If you don't want to use a mouse in your code editor that's a valid preference, but these are very different styles of programs and exist in separate categories. Personally I was using Atom before I was using VSCodium, and I really like most design choices of the latter, it's basically everything I always wanted an IDE to be like. Don't want to stop using the mouse.
If you have htop installed, run it in a terminal and click, for instance, the column headers.
There may be terminals for which that is a limitation, but with neovim in konsole, I can (left) click to move the cursor or select text and right-click to get a contextual menu.
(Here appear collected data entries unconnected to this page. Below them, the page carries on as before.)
(* Let $k$ be an uncountable algebraically closed field and let $A$ be a just infinite $k$-algebra which is countably generated as a $k$-algebra and does not satisfy a polynomial identity. Then $A$ is stably just infinite.
   Context: All rings are associative unital algebras over a field. A $k$-algebra $A$ is called just infinite if $\dim_k(A)=\infty$ and every nonzero two-sided ideal of $A$ has finite codimension in $A$. A just infinite $k$-algebra $A$ is stably just infinite if $A\otimes_k K$ is just infinite over $K$ for every field extension $K/k$. *)

From HB Require Import structures.
From mathcomp Require Import all_boot all_order all_algebra.
Set Implicit Arguments. Unset Strict Implicit. Unset Printing Implicit Defensive.
Import GRing.Theory.
Local Open Scope ring_scope.

Definition uncountable (T : Type) : Prop :=
  forall f : nat -> T, ~ (forall t, exists n, f n = t).

Definition two_sided_ideal (R : pzRingType) (I : R -> Prop) : Prop :=
  [/\ I 0, (forall x y, I x -> I y -> I (x + y)) &
      (forall a x, I x -> I (a * x) /\ I (x * a))].

Definition fin_codim (F : fieldType) (V : lmodType F) (I : V -> Prop) : Prop :=
  exists n (e : 'I_n -> V), forall v : V,
    exists c : 'I_n -> F, I (v - \sum_(i < n) c i *: e i).

Definition infinite_dim (F : fieldType) (V : lmodType F) : Prop :=
  ~ fin_codim (fun v : V => v = 0).

Definition just_infinite (F : fieldType) (A : algType F) : Prop :=
  infinite_dim A /\
  forall I : A -> Prop, two_sided_ideal I -> (exists x, I x /\ x <> 0) ->
    fin_codim I.

Definition subalgebra (F : fieldType) (A : algType F) (S : A -> Prop) : Prop :=
  [/\ S 1, (forall x y, S x -> S y -> S (x + y)),
      (forall x y, S x -> S y -> S (x * y)) &
      (forall (c : F) x, S x -> S (c *: x))].

Definition countably_generated (F : fieldType) (A : algType F) : Prop :=
  exists g : nat -> A, forall S : A -> Prop, subalgebra S ->
    (forall n, S (g n)) -> forall a, S a.

(* A satisfies a polynomial identity: there is a nonzero element of the free
   algebra F<x_0,...,x_(n-1)> (a finitely supported coefficient function on
   words, words of length > d having coefficient 0) vanishing on all
   substitutions of elements of A. *)
Definition satisfies_PI (F : fieldType) (A : algType F) : Prop :=
  exists (n d : nat) (c : seq 'I_n -> F),
    [/\ (forall w : seq 'I_n, (d < size w)%N -> c w = 0),
        (exists w, c w != 0) &
        (forall x : 'I_n -> A,
           \sum_(m < d.+1) \sum_(w : m.-tuple 'I_n)
               c (tval w) *: \prod_(i <- tval w) x i = 0)].

(* B together with j : A -> B is (a model of) the base change A (x)_k K,
   where K is a field extension of k via iota: j is a k-algebra map (k acting
   on B through iota), the image of j spans B over K, and j maps k-linearly
   independent families to K-linearly independent families.  Equivalently,
   the induced map A (x)_k K -> B, a (x) t |-> t *: j a, is a K-algebra
   isomorphism. *)
Definition is_base_change (k K : fieldType) (iota : {rmorphism k -> K})
    (A : algType k) (B : algType K) (j : A -> B) : Prop :=
  [/\ (forall x y, j (x + y) = j x + j y),
      (forall x y, j (x * y) = j x * j y),
      j 1 = 1 &
      (forall (c : k) x, j (c *: x) = iota c *: j x)] /\
  [/\
      (forall b : B, exists n (d : 'I_n -> K) (a : 'I_n -> A),
          b = \sum_(i < n) d i *: j (a i)) &
      (forall n (a : 'I_n -> A),
         (forall c : 'I_n -> k, \sum_(i < n) c i *: a i = 0 -> forall i, c i = 0) ->
         forall d : 'I_n -> K, \sum_(i < n) d i *: j (a i) = 0 -> forall i, d i = 0)].

Definition stably_just_infinite (k : fieldType) (A : algType k) : Prop :=
  just_infinite A /\
  forall (K : fieldType) (iota : {rmorphism k -> K}) (B : algType K) (j : A -> B),
    is_base_change iota j -> just_infinite B.

From HB Require Import structures.
From mathcomp Require Import all_boot all_order all_algebra fingroup perm.
From Stdlib Require Import Classical ClassicalEpsilon.
Set Implicit Arguments. Unset Strict Implicit. Unset Printing Implicit Defensive.
Import GRing.Theory.
Local Open Scope ring_scope.

(* A just infinite algebra satisfying no polynomial identity is prime, and
   for each N some value of the standard polynomial s_(N+1) is a nonzero
   element lying in every ideal of codimension at most N.

   Schur's lemma follows: every A-bimodule map f from a nonzero ideal J to A
   is a scalar.  Otherwise, by primeness, f has no eigenvector, so every
   (f - lam) J is a nonzero ideal; uncountably many lam share a bound N on
   its codimension, hence a common z <> 0 and elements w_lam of J with
   f w_lam = z + lam w_lam.  As k is algebraically closed these w_lam are
   linearly independent, which is impossible in an algebra of countable
   dimension.

   Now let I be a nonzero ideal of A (x) K and x = sum_i d_i (x) a_i an
   element of I of minimal length.  The maps a_0 |-> a_i extend to bimodule
   maps on the ideal generated by a_0, so they are scalars lam_i; hence that
   ideal, which has finite codimension, is mapped into I up to the nonzero
   factor sum_i lam_i d_i, and I has finite codimension. *)

Lemma big_ord_recr_lift (V : nmodType) n (G : 'I_n.+1 -> V) :
  \sum_(i < n.+1) G i = \sum_(i < n) G (lift ord_max i) + G ord_max.
Proof.
rewrite big_ord_recr /=; congr (_ + _); apply: eq_bigr => i _; congr G.
by apply: val_inj; rewrite /= /bump leqNgt ltn_ord.
Qed.

Definition fam_rcons (T : Type) n (a : 'I_n -> T) (v : T) : 'I_n.+1 -> T :=
  fun i => if unlift ord_max i is Some i' then a i' else v.

Lemma fam_rcons_lift (T : Type) n (a : 'I_n -> T) v i :
  fam_rcons a v (lift ord_max i) = a i.
Proof. by rewrite /fam_rcons liftK. Qed.

Lemma fam_rcons_max (T : Type) n (a : 'I_n -> T) v : fam_rcons a v ord_max = v.
Proof. by rewrite /fam_rcons unlift_none. Qed.

Section LinearAlgebra.
Variables (F : fieldType) (V : lmodType F).

Definition subspace_pred (P : V -> Prop) : Prop :=
  [/\ P 0, (forall x y, P x -> P y -> P (x + y)) & (forall c x, P x -> P (c *: x))].

Lemma subspace_pred_eq0 : subspace_pred (fun v => v = 0).
Proof. by split=> [|x y -> ->|c x ->]; rewrite ?addr0 ?scaler0. Qed.

Lemma subspace_pred_sum P (I : Type) (r : seq I) (G : I -> V) :
  subspace_pred P -> (forall i, P (G i)) -> P (\sum_(i <- r) G i).
Proof. by case=> P0 PD _ PG; apply: big_ind. Qed.

Definition codim_le (I : V -> Prop) N : Prop :=
  exists e : 'I_N -> V, forall v, exists c : 'I_N -> F, I (v - \sum_(i < N) c i *: e i).

Definition lin_indep n (e : 'I_n -> V) : Prop :=
  forall c : 'I_n -> F, \sum_(i < n) c i *: e i = 0 -> forall i, c i = 0.

(* A nonzero row of the kernel of the N-column coefficient matrix gives the
   combination: it kills the e-components. *)
Lemma nontrivial_comb_mod P m N (e : 'I_N -> V) (x : 'I_m -> V) :
  subspace_pred P -> (N < m)%N ->
  (forall i, exists c : 'I_N -> F, P (x i - \sum_(l < N) c l *: e l)) ->
  exists2 g : 'I_m -> F, (exists i, g i != 0) & P (\sum_(i < m) g i *: x i).
Proof.
move=> [P0 PD PZ] ltNm /choice [c Hc].
pose C : 'M[F]_(m, N) := \matrix_(i, l) c i l.
have : kermx C != 0.
  rewrite -mxrank_eq0 mxrank_ker -lt0n subn_gt0.
  exact: leq_ltn_trans (rank_leq_col C) ltNm.
case/matrix0Pn => i0 [j0 nz]; pose g : 'I_m -> F := fun j => kermx C i0 j.
exists g; first by exists j0.
have gC0 l : \sum_i g i * c i l = 0.
  have /matrixP/(_ i0 l) := mulmx_ker C.
  rewrite !mxE => E; rewrite -[RHS]E; apply: eq_bigr => i _.
  by rewrite [C i l]mxE.
have -> : \sum_(i < m) g i *: x i =
    \sum_(i < m) g i *: (x i - \sum_(l < N) c i l *: e l)
    + \sum_(l < N) (\sum_i g i * c i l) *: e l.
  under [X in _ = _ + X]eq_bigr do rewrite scaler_suml.
  rewrite exchange_big /= -big_split /=; apply: eq_bigr => i _.
  rewrite scalerDr scalerN scaler_sumr.
  by under [X in _ - X]eq_bigr do rewrite scalerA; rewrite addrNK.
under [X in _ + X]eq_bigr do rewrite gC0 scale0r.
by rewrite big1_eq addr0; apply: big_ind => // i _; apply: PZ.
Qed.

Lemma lin_indep_leq_span n N (x : 'I_n -> V) (e : 'I_N -> V) :
  lin_indep x -> (forall i, exists c : 'I_N -> F, x i = \sum_(l < N) c l *: e l) ->
  (n <= N)%N.
Proof.
move=> ix xe; rewrite leqNgt; apply/negP => ltNn.
have xe0 i : exists c : 'I_N -> F, x i - \sum_(l < N) c l *: e l = 0.
  by have [c ->] := xe i; exists c; rewrite subrr.
have [g [i gi] /ix g0] := nontrivial_comb_mod subspace_pred_eq0 ltNn xe0.
by rewrite g0 eqxx in gi.
Qed.

Lemma lin_indep_rcons n (a : 'I_n -> V) v :
  lin_indep a -> (forall c : 'I_n -> F, v <> \sum_(i < n) c i *: a i) ->
  lin_indep (fam_rcons a v).
Proof.
move=> ia nv c; rewrite big_ord_recr_lift.
under eq_bigr do rewrite fam_rcons_lift.
rewrite fam_rcons_max => H.
have cm : c ord_max = 0.
  apply/eqP; apply: contraT => nz; exfalso.
  apply: (nv (fun i => - (c ord_max)^-1 * c (lift ord_max i))).
  apply: (scalerI nz); rewrite scaler_sumr.
  have -> : c ord_max *: v = - \sum_(i < n) c (lift ord_max i) *: a i.
    by apply/eqP; rewrite -addr_eq0 addrC H.
  rewrite -sumrN; apply: eq_bigr => i _.
  by rewrite scalerA mulrA mulrN mulfV // mulN1r scaleNr.
rewrite cm scale0r addr0 in H.
by move=> i; case: (unliftP ord_max i) => [j ->|->] //; apply: ia H j.
Qed.

Lemma infinite_dim_lin_indep :
  infinite_dim V -> forall m, exists a : 'I_m -> V, lin_indep a.
Proof.
move=> inf; elim=> [|m [a ia]]; first by exists (fun _ => 0) => c _ [].
have [v nv] : exists v, forall c : 'I_m -> F, v <> \sum_(i < m) c i *: a i.
  apply: NNPP => H; apply: inf; exists m, a => v.
  apply: NNPP => H2; apply: H; exists v => c E; apply: H2; exists c.
  by rewrite E subrr.
by exists (fam_rcons a v); apply: lin_indep_rcons.
Qed.

Lemma exists_lin_indep_spanning n (b : 'I_n -> V) :
  exists r (e : 'I_r -> V), lin_indep e /\
    exists beta : 'I_n -> 'I_r -> F, forall i, b i = \sum_(l < r) beta i l *: e l.
Proof.
elim: n b => [|n IH] b.
  by exists 0%N, (fun _ => 0); split; [move=> c _ [] | exists (fun _ _ => 0) => -[]].
have [r [e [ie [beta Hb]]]] := IH (fun i => b (lift ord_max i)).
case: (classic (exists c : 'I_r -> F, b ord_max = \sum_(l < r) c l *: e l)).
  move=> [c Hc]; exists r, e; split=> //.
  exists (fun i => if unlift ord_max i is Some i' then beta i' else c).
  by move=> i; case: (unliftP ord_max i) => [j ->|->].
move=> nc; exists r.+1, (fam_rcons e (b ord_max)); split.
  by apply: lin_indep_rcons => // c E; apply: nc; exists c.
exists (fun i l => if unlift ord_max i is Some i' then
          (if unlift ord_max l is Some l' then beta i' l' else 0)
        else (if unlift ord_max l is Some _ then 0 else 1)).
move=> i; rewrite big_ord_recr_lift fam_rcons_max unlift_none.
under eq_bigr do rewrite fam_rcons_lift liftK.
case: (unliftP ord_max i) => [j ->|->]; rewrite ?liftK ?unlift_none.
  by rewrite scale0r addr0 -Hb.
by rewrite big1 ?add0r ?scale1r // => l _; rewrite scale0r.
Qed.

End LinearAlgebra.

Definition countable_pred (T : Type) (P : T -> Prop) : Prop :=
  exists e : nat -> T, forall t, P t -> exists n, e n = t.

Lemma uncountable_predT (T : Type) : uncountable T -> ~ countable_pred (fun _ : T => True).
Proof. by move=> unc [e He]; apply: (unc e) => t; apply: He. Qed.

Lemma uncountable_fiber (T : Type) (t0 : T) (P : T -> Prop) (g : T -> nat) :
  ~ countable_pred P -> exists n, ~ countable_pred (fun t => P t /\ g t = n).
Proof.
move=> nP; apply: NNPP => H.
have /choice [E EP] : forall n, countable_pred (fun t => P t /\ g t = n).
  by move=> n; apply: NNPP => Hn; apply: H; exists n.
apply: nP; exists (fun m => if unpickle m is Some (a, b) then E a b else t0).
move=> t Pt; have [b Eb] := EP (g t) t (conj Pt erefl).
by exists (pickle (g t, b)); rewrite pickleK.
Qed.

Lemma uncountable_uniq_seq (T : eqType) (t0 : T) (P : T -> Prop) :
  ~ countable_pred P ->
  forall m, exists s : seq T, [/\ uniq s, size s = m & forall t, t \in s -> P t].
Proof.
move=> nP; elim=> [|m [s [us ss Ps]]]; first by exists [::].
have [t [Pt ts]] : exists t, P t /\ t \notin s.
  apply: NNPP => H; apply: nP; exists (nth t0 s) => t Pt.
  case: (boolP (t \in s)) => ts; first by exists (index t s); rewrite nth_index.
  by exfalso; apply: H; exists t.
exists (t :: s); split => /=; [by rewrite ts us | by rewrite ss |].
by move=> u; rewrite inE => /predU1P [->|/Ps].
Qed.

Lemma uncountable_injection (T : eqType) (t0 : T) (P : T -> Prop) :
  ~ countable_pred P -> forall m, exists l : 'I_m -> T, injective l /\ forall i, P (l i).
Proof.
move=> nP m; have [s [us ss Ps]] := uncountable_uniq_seq t0 nP m.
exists (fun i => nth t0 s i); split.
  by move=> i j /eqP; rewrite nth_uniq ?ss // => /eqP /val_inj.
by move=> i; apply: Ps; rewrite mem_nth ?ss.
Qed.

Section Ideals.
Variables (F : fieldType) (A : algType F).

Lemma ideal_subspace (I : A -> Prop) : two_sided_ideal I -> subspace_pred I.
Proof.
case=> I0 ID IM; split=> // c x Ix.
by rewrite -[x]mul1r scalerAl; case: (IM (c *: 1) x Ix).
Qed.

Lemma idealZ (I : A -> Prop) c x : two_sided_ideal I -> I x -> I (c *: x).
Proof. by move=> /ideal_subspace [_ _ IZ]; apply: IZ. Qed.

Lemma ideal_sum (I : A -> Prop) (T : Type) (r : seq T) (G : T -> A) :
  two_sided_ideal I -> (forall t, I (G t)) -> I (\sum_(t <- r) G t).
Proof. by move=> /ideal_subspace; apply: subspace_pred_sum. Qed.

Lemma idealMlr (I : A -> Prop) a x b : two_sided_ideal I -> I x -> I (a * x * b).
Proof. by case=> _ _ IM Ix; case: (IM b _ (IM a x Ix).1). Qed.

Definition sandwich (s : seq (A * A)) (t : A) : A := \sum_(q <- s) q.1 * t * q.2.

Lemma sandwich_cat s s' t : sandwich (s ++ s') t = sandwich s t + sandwich s' t.
Proof. by rewrite /sandwich big_cat. Qed.

Lemma sandwich_oppl s t : sandwich [seq (- q.1, q.2) | q <- s] t = - sandwich s t.
Proof. by rewrite /sandwich big_map -sumrN; apply: eq_bigr => q _; rewrite !mulNr. Qed.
Separately, the TUI libary we use for RESTMan is Brick and does support mouse events. IIRC we only support mouse-wheel scrolling, but there's a lot more that is possible.
So, I think it might worth your time to try some TUI alternatives to your GUI environment.
Your larger point that TUI can't fully replace GUI stands, at least IMO. Even for plain text formats (e.g. dotty) that I want to edit with a fixed-width font, an image (pre)view can be essential to some tasks. I don't usually find that's true for coding tasks, but design docs often benefit from charts.
Helix, just as Kakoune before it, supports multiple cursor selections, even off-screen. 👍 Mouse selections are also not a problem. NeoVim also has support for mouse selection.
Feel free to try it out! Setting up LSPs requires some setup work, but if you just want to try out the editing paradigm, you can just try to edit a plain text file to get a feel for it.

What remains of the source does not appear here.